> Work task
Please reproduce the entries below exactly, starting at the first line and ending with the line that holds "move=> charA s_bounds".

> Provided material

Lemma error_mxpow_stable (s : seq R) (lmin : R) :
  char_poly A = \prod_(l <- s) ('X - l%:P) ->
  {in s, forall l, lmin <= l <= 1} ->
  `|a| * (1 - lmin) < 2 ->
  forall (v : 'cV_n.+1) i,
    (fun t => (error_mx A a ((1 + lmin) / 2) ^+ t *m v) i 0) @ \oo --> 0.
Proof.
move=> charA s_bounds a_small v; apply: (error_mxpow_cvg0 (s := s)).
- move=> l /s_bounds /andP[l_ge l_le].
  have : `|l - (1 + lmin) / 2| <= (1 - lmin) / 2.
    by rewrite ler_norml; apply/andP; lra.
  by rewrite normrM => /(ler_wpM2l (normr_ge0 a)); lra.
- by rewrite -charA Cayley_Hamilton mul0mx.
Qed.

Lemma error_mxpow_unstable (alpha lmin : R) :
  A *m const_mx 1 = const_mx 1 :> 'cV_n.+1 ->
  (exists2 v : 'cV_n.+1, A *m v = lmin *: v & v != 0) ->
  2 <= `|a| * (1 - lmin) ->
  exists (v : 'cV_n.+1) i,
    ~ (fun t => (error_mx A a alpha ^+ t *m v) i 0) @ \oo --> 0.
Proof.
move=> A1 [v Av v_neq0] a_large.
have [a1_large | a1_small] := lerP 1 (`|a| * (1 - alpha)).
  have A1_eigen : A *m const_mx 1 = 1 *: const_mx 1 :> 'cV_n.+1.
    by rewrite scale1r.
  exists (const_mx 1); apply: (error_mxpow_not_cvg0 A1_eigen).
  - by apply/eqP => /matrixP /(_ ord0 ord0); rewrite !mxE => /eqP; rewrite oner_eq0.
  - by rewrite normrM (le_trans a1_large) // ler_wpM2l // ler_norm.
exists v; apply: (error_mxpow_not_cvg0 Av v_neq0).
have : `|a| * (alpha - lmin) <= `|a| * `|lmin - alpha|.
  by rewrite ler_wpM2l // distrC ler_norm.
by rewrite normrM; lra.
Qed.

End ErrorMatrix.

Section Mean.
Context {R : realType} {d : measure_display} {T : measurableType d}.
Variable Pr : probability T R.

Definition has_mean (f : T -> R) (m : R) :=
  f \in Lfun Pr 1 /\ ('E_Pr[f] = m%:E)%E.

Lemma integrable_has_mean f m :
  Pr.-integrable setT (EFin \o f) -> ('E_Pr[f] = m%:E)%E -> has_mean f m.
Proof. by move=> /Lfun1_integrable. Qed.

Lemma eq_has_mean f g m : f =1 g -> has_mean f m -> has_mean g m.
Proof. by move=> /funext <-. Qed.

Lemma has_mean_cst c : has_mean (fun=> c) c.
Proof. by split; [apply: Lfun_cst | apply: expectation_cst]. Qed.

Lemma has_meanD f g m m' :
  has_mean f m -> has_mean g m' -> has_mean (fun om => f om + g om) (m + m').
Proof.
move=> [f1 Ef] [g1 Eg].
by split; [apply: rpredD | rewrite expectationD // Ef Eg].
Qed.

Lemma has_meanB f g m m' :
  has_mean f m -> has_mean g m' -> has_mean (fun om => f om - g om) (m - m').
Proof.
move=> [f1 Ef] [g1 Eg].
by split; [apply: rpredB | rewrite expectationB // Ef Eg].
Qed.

Lemma has_meanZ k f m : has_mean f m -> has_mean (fun om => k * f om) (k * m).
Proof.
move=> [f1 Ef]; split; first exact: (rpredZ k f1).
rewrite EFinM -Ef -expectationZl //; congr (expectation _ _).
by apply/funext => om; rewrite mulrC.
Qed.

Lemma has_mean_sum (I : finType) (F : I -> T -> R) (m : I -> R) :
  (forall j, has_mean (F j) (m j)) ->
  has_mean (fun om => \sum_j F j om) (\sum_j m j).
Proof.
move=> Fm; elim: (index_enum I) => [|j s IHs].
  by under eq_fun do rewrite big_nil; rewrite big_nil; apply: has_mean_cst.
by under eq_fun do rewrite big_cons; rewrite big_cons; apply: has_meanD.
Qed.

Lemma has_mean_state (a : R) (x r : nat -> T -> R) :
  Pr.-integrable setT (EFin \o x 0%N) ->
  (forall t, Pr.-integrable setT (EFin \o r t) /\ ('E_Pr[r t] = 0)%E) ->
  (forall t om, x t.+1 om = a * x t om + r t om) ->
  forall t, has_mean (x t) (a ^+ t * fine 'E_Pr[x 0%N]).
Proof.
move=> x0_int r_mean xS; elim=> [|t IHt].
  rewrite expr0 mul1r; apply: (integrable_has_mean x0_int).
  by rewrite fineK // expectation_fin_num //; apply/Lfun1_integrable.
have [r_int Er] := r_mean t.
apply: (eq_has_mean (fun om => esym (xS t om))).
rewrite exprS -mulrA -[_ * _]addr0.
exact: has_meanD (has_meanZ a IHt) (integrable_has_mean r_int Er).
Qed.

End Mean.

Lemma xtil_xhat (T : Type) (R : realType) (N : nat) (P : 'M[R]_N) (a alpha : R)
    (y : 'I_N -> nat -> T -> R) (x0 : 'I_N -> R) :
  xtil P a alpha y x0 =
  xhat P a alpha (fun i t om => \sum_(j < N) P i j * y j t om) x0.
Proof. by apply/funext; elim=> [|t /= ->]. Qed.

Section Estimators.
Context {R : realType} {d : measure_display} {T : measurableType d}.
Variables (Pr : probability T R) (N : nat) (P : 'M[R]_N) (a : R).
Hypothesis P_row1 : forall i, \sum_j P i j = 1.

> Answer space
Lemma error_mxpow_stable (s : seq R) (lmin : R) :
  char_poly A = \prod_(l <- s) ('X - l%:P) ->
  {in s, forall l, lmin <= l <= 1} ->
  `|a| * (1 - lmin) < 2 ->
  forall (v : 'cV_n.+1) i,
    (fun t => (error_mx A a ((1 + lmin) / 2) ^+ t *m v) i 0) @ \oo --> 0.
Proof.
move=> charA s_bounds a_small v; apply: (error_mxpow_cvg0 (s := s)).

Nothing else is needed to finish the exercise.